**Task prompt:** When you reach the line containing "exact (proj1 (downset_minus_up" in the entries below, repeat it and each line after it exactly until the entries end.

Collected data entries

(* Let $w_0\to w_1\to\dots\to w_t$ be a reduced computation (as defined in the context). If $|w_0|_{\mathcal{A}}<|w_1|_{\mathcal{A}}$, then $|w_{i-1}|_{\mathcal{A}}\le|w_i|_{\mathcal{A}}$ for all $1\le i\le t$.
   Context: Let $\mathcal{A}$ be a finite non-empty alphabet, $\mathcal{A}_1=\{a_1:a\in\mathcal{A}\}$ a disjoint copy of $\mathcal{A}$, and $\mathcal{B}=\{b_1,b_2\}$; let $F=F(\mathcal{A}_1\sqcup\mathcal{B})$ be the free group, whose elements are identified with reduced words. Let $D=4|\mathcal{A}|(|\mathcal{A}|+2)$, fix a bijection $\eta:(\mathcal{A}\sqcup\mathcal{B})\times\mathcal{A}\to\{1,\dots,D/4\}$, and for $y\in\mathcal{A}\sqcup\mathcal{B}$, $a\in\mathcal{A}$, with $k=\eta(y,a)$, put $v(y,a)=b_1^k(b_2b_1)^{D-2k}b_2^k$. For $y\in\mathcal{A}\sqcup\mathcal{B}$ let $\psi_y$ be the automorphism of $F$ fixing $b_1,b_2$ and sending $a_1\mapsto v(y,a)a_1$ for each $a\in\mathcal{A}$; let $u_y=b_i^{-1}$ if $y=b_i$ and $u_y=a_1^{-1}$ if $y=a\in\mathcal{A}$. For each $y$ there are two operations (''rules'') $\theta_y,\theta_y^{-1}$ on $F$: $w\cdot\theta_y=\psi_y(w)u_y$ and $w\cdot\theta_y^{-1}=\psi_y^{-1}(wu_y^{-1})$ (products freely reduced); these are mutually inverse. A computation is a sequence $w_0,\dots,w_t\in F$ with $w_i=w_{i-1}\cdot\theta_{y_i}^{\varepsilon_i}$ for some $y_i\in\mathcal{A}\sqcup\mathcal{B}$, $\varepsilon_i\in\{\pm1\}$; its history is the word $\theta_{y_1}^{\varepsilon_1}\cdots\theta_{y_t}^{\varepsilon_t}$, and the computation is reduced if this word is freely reduced (no consecutive $\theta_y^{\varepsilon}\theta_y^{-\varepsilon}$). (This describes computations of the machine $\mathbf{M}_1^{\mathcal{A}}$ in the base $Q_0Q_1$, with configuration $q_0wq_1$ identified with $w$.) For $w\in F$, $|w|_{\mathcal{A}}$ is the number of letters of $w$ from $\mathcal{A}_1^{\pm1}$. *)

From mathcomp Require Import all_boot.
Set Implicit Arguments. Unset Strict Implicit. Unset Printing Implicit Defensive.

Section FreeGroup.
Variable A : finType.

(* Index set A ⊔ B: inl a = a (i.e. generator a_1), inr false = b_1, inr true = b_2. *)
Definition Y := (A + bool)%type.
(* A letter is a generator together with an exponent flag: (x, false) = x, (x, true) = x^{-1}. *)
Definition letter := (Y * bool)%type.
Definition word := seq letter.

Definition linv (x : letter) : letter := (x.1, ~~ x.2).
Definition winv (w : word) : word := rev (map linv w).

(* reduced words = elements of F *)
Definition reducedw (w : word) : bool := sorted (fun x y => y != linv x) w.

Definition cons_red (x : letter) (w : word) : word :=
  match w with
  | y :: w' => if y == linv x then w' else x :: w
  | [::] => [:: x]
  end.
Definition reduce (w : word) : word := foldr cons_red [::] w.
Lemma notinL_interleaved c X d Y Z :
  X ++ d :: Y ++ c :: Z <> Z ++ d :: Y ++ c :: X ->
  ~ inL (c :: X ++ d :: Y ++ c :: Z ++ [:: d]).
Proof.
move=> neXZ /inL_cons /(_ (Z ++ d :: Y ++ c :: X ++ [:: d])) swap.
have blocks U V : edges (c :: U ++ d :: Y ++ c :: V ++ [:: d]) =
    edges (c :: U ++ [:: d]) ++ edges (d :: Y ++ [:: c]) ++ edges (c :: V ++ [:: d]).
  by rewrite (edges_cat_cons (c :: U)) (edges_cat_cons (d :: Y)).
apply: neXZ; apply: (@rcons_injl _ d); rewrite -!cats1 -!catA /= -!catA /=.
by rewrite swap // !blocks perm_catC -catA perm_catCA.
Qed.

Lemma notinL_triple c X Z : X ++ c :: Z <> Z ++ c :: X ->
  ~ inL (c :: X ++ c :: Z ++ [:: c]).
Proof.
move=> neXZ /inL_cons /(_ (Z ++ c :: X ++ [:: c])) swap.
have blocks U V : edges (c :: U ++ c :: V ++ [:: c]) =
    edges (c :: U ++ [:: c]) ++ edges (c :: V ++ [:: c]).
  by rewrite (edges_cat_cons (c :: U)).
apply: neXZ; apply: (@rcons_injl _ c); rewrite -!cats1 -!catA /=.
by rewrite swap // !blocks perm_catC.
Qed.

Lemma notinL_interleaved_sep c X d Y Z : d \notin X -> d \notin Z -> X <> Z ->
  ~ inL (c :: X ++ d :: Y ++ c :: Z ++ [:: d]).
Proof. by move=> dX dZ neXZ; apply: notinL_interleaved => /cat_sep_inj -/(_ dX dZ). Qed.

Lemma notinL_triple_sep c X Z : c \notin X -> c \notin Z -> X <> Z ->
  ~ inL (c :: X ++ c :: Z ++ [:: c]).
Proof. by move=> cX cZ neXZ; apply: notinL_triple => /cat_sep_inj -/(_ cX cZ). Qed.
Lemma downset_minus_up E a : downset E -> E a ->
  proper_subdownset (fun y => E y /\ ~ le a y) E.
Proof.
  intros HE Ea. split; [|split].
  - intros x y Hxy [Ey Hay]. split; [exact (HE x y Hxy Ey)|].
    intro Hax. apply Hay. exact (le_trans a x y Hax Hxy).
  - intros x [Ex _]; exact Ex.
  - exists a. split; [exact Ea|]. intros [_ Haa]. apply Haa, le_refl.
Qed.

Lemma nonprincipal_below_proper D w : downset D -> ~ principal P le D -> D w ->
  proper_subdownset (fun y => D y /\ le y w) D.
Proof.
  intros HD Hnp Dw. split; [|split].
  - intros x y Hxy [Dy Hyw]. split; [exact (HD x y Hxy Dy) | exact (le_trans x y w Hxy Hyw)].
  - intros x [Dx _]; exact Dx.
  - apply NNPP. intro Hno. apply Hnp. exists w. split; [exact Dw|].
    intros x Dx. apply NNPP. intro Hxw. apply Hno. exists x. split; [exact Dx|].
    intros [_ Hx]; exact (Hxw Hx).
Qed.

Lemma wqo_good_pair (x : nat -> P) : exists i j, i < j /\ le (x i) (x j).
Proof.
  apply NNPP. intro Hn.
  assert (Hbad : forall i j, i < j -> ~ le (x i) (x j)) by (intros i j Hij Hle; apply Hn; eauto).
  destruct Hwqo as [Hwf Hanti].
  set (minimal_after i := forall j, i < j -> ~ strict P le (x j) (x i)).
  destruct (classic (forall i, exists j, i <= j /\ minimal_after j)) as [Hinf|Hfin].
  - destruct (increasing_subsequence _ Hinf) as [sg [Hsg Hmin]].
    apply Hanti. exists (fun k => x (sg k)). intros i j Hij Hle.
    destruct (Nat.lt_gt_cases i j) as [[Hlt|Hgt] _]; [exact Hij|..].
    + exact (Hbad _ _ (increasing_lt sg Hsg i j Hlt) Hle).
    + apply (Hmin j (sg i)); [exact (increasing_lt sg Hsg j i Hgt)|].
      split; [exact Hle | apply Hbad, (increasing_lt sg Hsg j i Hgt)].
  - apply not_all_ex_not in Hfin as [i0 Hi0].
    assert (Hdesc : forall j, i0 <= j -> exists j', j < j' /\ strict P le (x j') (x j)).
    { intros j Hj. apply NNPP. intro Hno. apply Hi0. exists j. split; [exact Hj|].
      intros j' Hj' Hs. apply Hno. eauto. }
    assert (Hacc : forall y, Acc (strict P le) y -> forall j, i0 <= j -> x j <> y).
    { induction 1 as [y _ IH]. intros j Hj <-. destruct (Hdesc j Hj) as [j' [Hj' Hs]].
      exact (IH (x j') Hs j' ltac:(lia) eq_refl). }
    exact (Hacc (x i0) (Hwf _) i0 (le_n i0) eq_refl).
Qed.

Lemma proper_subdownset_wf : well_founded proper_subdownset.
Proof.
  intro D. apply NNPP. intro Hn. destruct (not_acc_descending_chain _ _ Hn) as [s [_ Hs]].
  destruct (functional_choice (fun i x => s i x /\ ~ s (S i) x)) as [x Hx].
  { intro i. apply (Hs i). }
  assert (Hdecr : forall d i y, s (d + i) y -> s i y).
  { induction d as [|d IH]; intros i y Hy; [exact Hy|]. apply IH, (Hs (d + i)), Hy. }
  destruct (wqo_good_pair x) as [i [j [Hij Hle]]].
  apply (proj2 (Hx i)). apply ((proj1 (Hs i)) _ _ Hle).
  apply (Hdecr (j - S i)). replace (j - S i + S i) with j by lia. apply Hx.
Qed.

Lemma downset_ideal_cover E : downset E -> exists L : list (P -> Prop),
  (forall I, In I L -> ideal P le I /\ forall y, I y -> E y) /\
  (forall x, E x -> exists I, In I L /\ I x).
Proof.
  induction E as [E IH] using (well_founded_induction proper_subdownset_wf). intro HE.
  destruct (classic (exists x, E x)) as [Hne|Hempty].
  2:{ exists []. split; [intros I []|]. intros x Ex. destruct (Hempty (ex_intro _ x Ex)). }
  destruct (classic (forall a b, E a -> E b -> exists c, E c /\ le a c /\ le b c)) as [Hdir|Hndir].
  { exists [E]. split.
    - intros I [<-|[]]. split; [split; [exact Hne | split; [exact HE | exact Hdir]] | auto].
    - intros x Ex. exists E. split; [left; reflexivity | exact Ex]. }
  assert (Hab : exists a b, E a /\ E b /\ forall c, E c -> le a c -> le b c -> False).
  { apply NNPP. intro Hno. apply Hndir. intros a b Ea Eb. apply NNPP. intro Hc.
    apply Hno. exists a, b. split; [exact Ea | split; [exact Eb|]]. eauto. }
  destruct Hab as [a [b [Ea [Eb Hab]]]].
  destruct (IH _ (downset_minus_up E a HE Ea) (proj1 (downset_minus_up E a HE Ea)))
    as [La [HLa HcovA]].
  destruct (IH _ (downset_minus_up E b HE Eb) (proj1 (downset_minus_up E b HE Eb)))
    as [Lb [HLb HcovB]].
  exists (La ++ Lb). split.
  - intros I HI. apply in_app_or in HI as [HI|HI];
      [destruct (HLa I HI) as [HIi HIE] | destruct (HLb I HI) as [HIi HIE]];
      (split; [exact HIi | intros y Iy; apply (HIE y Iy)]).
  - intros x Ex. destruct (classic (le a x)) as [Hax|Hax].
    + destruct (classic (le b x)) as [Hbx|Hbx]; [destruct (Hab x Ex Hax Hbx)|].
      destruct (HcovB x (conj Ex Hbx)) as [I [HI Ix]].
      exists I. split; [apply in_or_app; right; exact HI | exact Ix].
    + destruct (HcovA x (conj Ex Hax)) as [I [HI Ix]].
      exists I. split; [apply in_or_app; left; exact HI | exact Ix].
Qed.

Lemma ideal_ext I J : ideal P le I -> (forall x, I x <-> J x) -> ideal P le J.
Proof.
  intros [[x Ix] [Hdown Hdir]] E. split; [exists x; apply E, Ix | split].
  - intros a b Hab Jb. apply E. apply (Hdown a b Hab), E, Jb.
  - intros a b Ja Jb. destruct (Hdir a b (proj2 (E a) Ja) (proj2 (E b) Jb)) as [c [Ic Hc]].
    exists c. split; [apply E, Ic | exact Hc].
Qed.

Lemma ideal_point_outside_list D (L : list (P -> Prop)) : ideal P le D ->
  exists z, D z /\ forall J, In J L -> ideal P le J -> (exists x, D x /\ ~ J x) -> ~ J z.
Proof.
  intros [[x0 Dx0] [Hdown Hdir]]. induction L as [|J L IH].
  - exists x0. split; [exact Dx0 | intros J []].
  - destruct IH as [z [Dz Hz]].
    destruct (classic (ideal P le J /\ exists x, D x /\ ~ J x)) as [[HJ [x [Dx nJx]]]|HJ].
    + destruct (Hdir z x Dz Dx) as [u [Du [Hzu Hxu]]]. exists u. split; [exact Du|].
      intros J' [<-|HJ'] HJ'i Hex Ju.
      * exact (nJx (proj1 (proj2 HJ) x u Hxu Ju)).
      * exact (Hz J' HJ' HJ'i Hex (proj1 (proj2 HJ'i) z u Hzu Ju)).
    + exists z. split; [exact Dz|]. intros J' [<-|HJ'] HJ'i Hex.
      * destruct (HJ (conj HJ'i Hex)).
      * exact (Hz J' HJ' HJ'i Hex).
Qed.

End Wqo.

Section ListedIdeals.
Variables (P : Type) (le : P -> P -> Prop).
Hypothesis Hpo : is_poset P le.
Hypothesis Hwqo : wqo P le.
Variable l : list (P -> Prop).
Hypothesis Hl : forall I, ideal P le I -> ~ principal P le I ->
  exists J, In J l /\ forall x, I x <-> J x.

Definition listed_below (D : P -> Prop) (y : P) : Prop :=
  exists J, In J l /\ ideal P le J /\ (forall x, J x -> D x) /\ (exists x, D x /\ ~ J x) /\ J y.

Lemma listed_below_proper D : ideal P le D -> proper_subdownset P le (listed_below D) D.
Proof.
  intro HD. split; [|split].
  - intros x y Hxy [J [HJl [HJ [HJD [Hout Jy]]]]].
    exists J. split; [exact HJl | split; [exact HJ | split; [exact HJD | split; [exact Hout|]]]].
    exact (proj1 (proj2 HJ) x y Hxy Jy).
  - intros x [J [_ [_ [HJD [_ Jx]]]]]. exact (HJD x Jx).
  - destruct (ideal_point_outside_list P le D l HD) as [z [Dz Hz]].
    exists z. split; [exact Dz|]. intros [J [HJl [HJ [_ [Hout Jz]]]]].
    exact (Hz J HJl HJ Hout Jz).
Qed.

Lemma ideals_off_up_bounded D z : ideal P le D -> D z ->
  forall L : list (P -> Prop),
  (forall I, In I L -> ideal P le I /\ forall y, I y -> D y /\ ~ le z y) ->
  exists w, D w /\ forall I, In I L -> forall y, I y -> listed_below D y \/ le y w.
Proof.
  intros HD Dz L. induction L as [|I L IH]; intros HL.
  { exists z. split; [exact Dz | intros I []]. }
  destruct IH as [w [Dw Hw]]; [intros I' HI'; apply HL; right; exact HI'|].
  destruct (HL I (or_introl eq_refl)) as [HI HIE].
  destruct (classic (principal P le I)) as [[m [Im Hm]]|Hnp].
  - destruct (proj2 (proj2 HD) w m Dw (proj1 (HIE m Im))) as [c [Dc [Hwc Hmc]]].
    exists c. split; [exact Dc|]. intros I' [<-|HI'] y Iy.
    + right. exact (le_trans P le Hpo _ _ _ (Hm y Iy) Hmc).
    + destruct (Hw I' HI' y Iy) as [Hy|Hy]; [left; exact Hy|].
      right. exact (le_trans P le Hpo _ _ _ Hy Hwc).
  - destruct (Hl I HI Hnp) as [J [HJl HIJ]].
    exists w. split; [exact Dw|]. intros I' [<-|HI'] y Iy; [|exact (Hw I' HI' y Iy)].
    left. exists J. split; [exact HJl | split; [exact (ideal_ext P le I J HI HIJ)|]].
    split; [intros x Jx; exact (proj1 (HIE x (proj2 (HIJ x) Jx)))|].
    split; [|exact (proj1 (HIJ y) Iy)].
    exists z. split; [exact Dz|]. intro Jz.
    exact (proj2 (HIE z (proj2 (HIJ z) Jz)) (le_refl P le Hpo z)).
Qed.

Lemma ideal_off_up_bounded D z : ideal P le D -> D z ->
  exists w, D w /\ forall y, D y -> ~ le z y -> listed_below D y \/ le y w.
Proof.
  intros HD Dz.
  destruct (downset_ideal_cover P le Hpo Hwqo (fun y => D y /\ ~ le z y)) as [L [HL Hcov]].
  { exact (proj1 (downset_minus_up P le Hpo D z (proj1 (proj2 HD)) Dz)). }
  destruct (ideals_off_up_bounded D z HD Dz L HL) as [w [Dw Hw]].
  exists w. split; [exact Dw|]. intros y Dy Hzy.
  destruct (Hcov y (conj Dy Hzy)) as [I [HI Iy]]. exact (Hw I HI y Iy).
Qed.

End ListedIdeals.

Definition graft (k : nat) (A W : nat -> nat) : nat -> nat :=
  fun i => if i <? k then A i else W (i - k).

**Answer to this exercise:**
  { exact (proj1 (downset_minus_up P le Hpo D z (proj1 (proj2 HD)) Dz)). }
  destruct (ideals_off_up_bounded D z HD Dz L HL) as [w [Dw Hw]].
  exists w. split; [exact Dw|]. intros y Dy Hzy.
  destruct (Hcov y (conj Dy Hzy)) as [I [HI Iy]]. exact (Hw I HI y Iy).
Qed.

End ListedIdeals.

Definition graft (k : nat) (A W : nat -> nat) : nat -> nat :=
  fun i => if i <? k then A i else W (i - k).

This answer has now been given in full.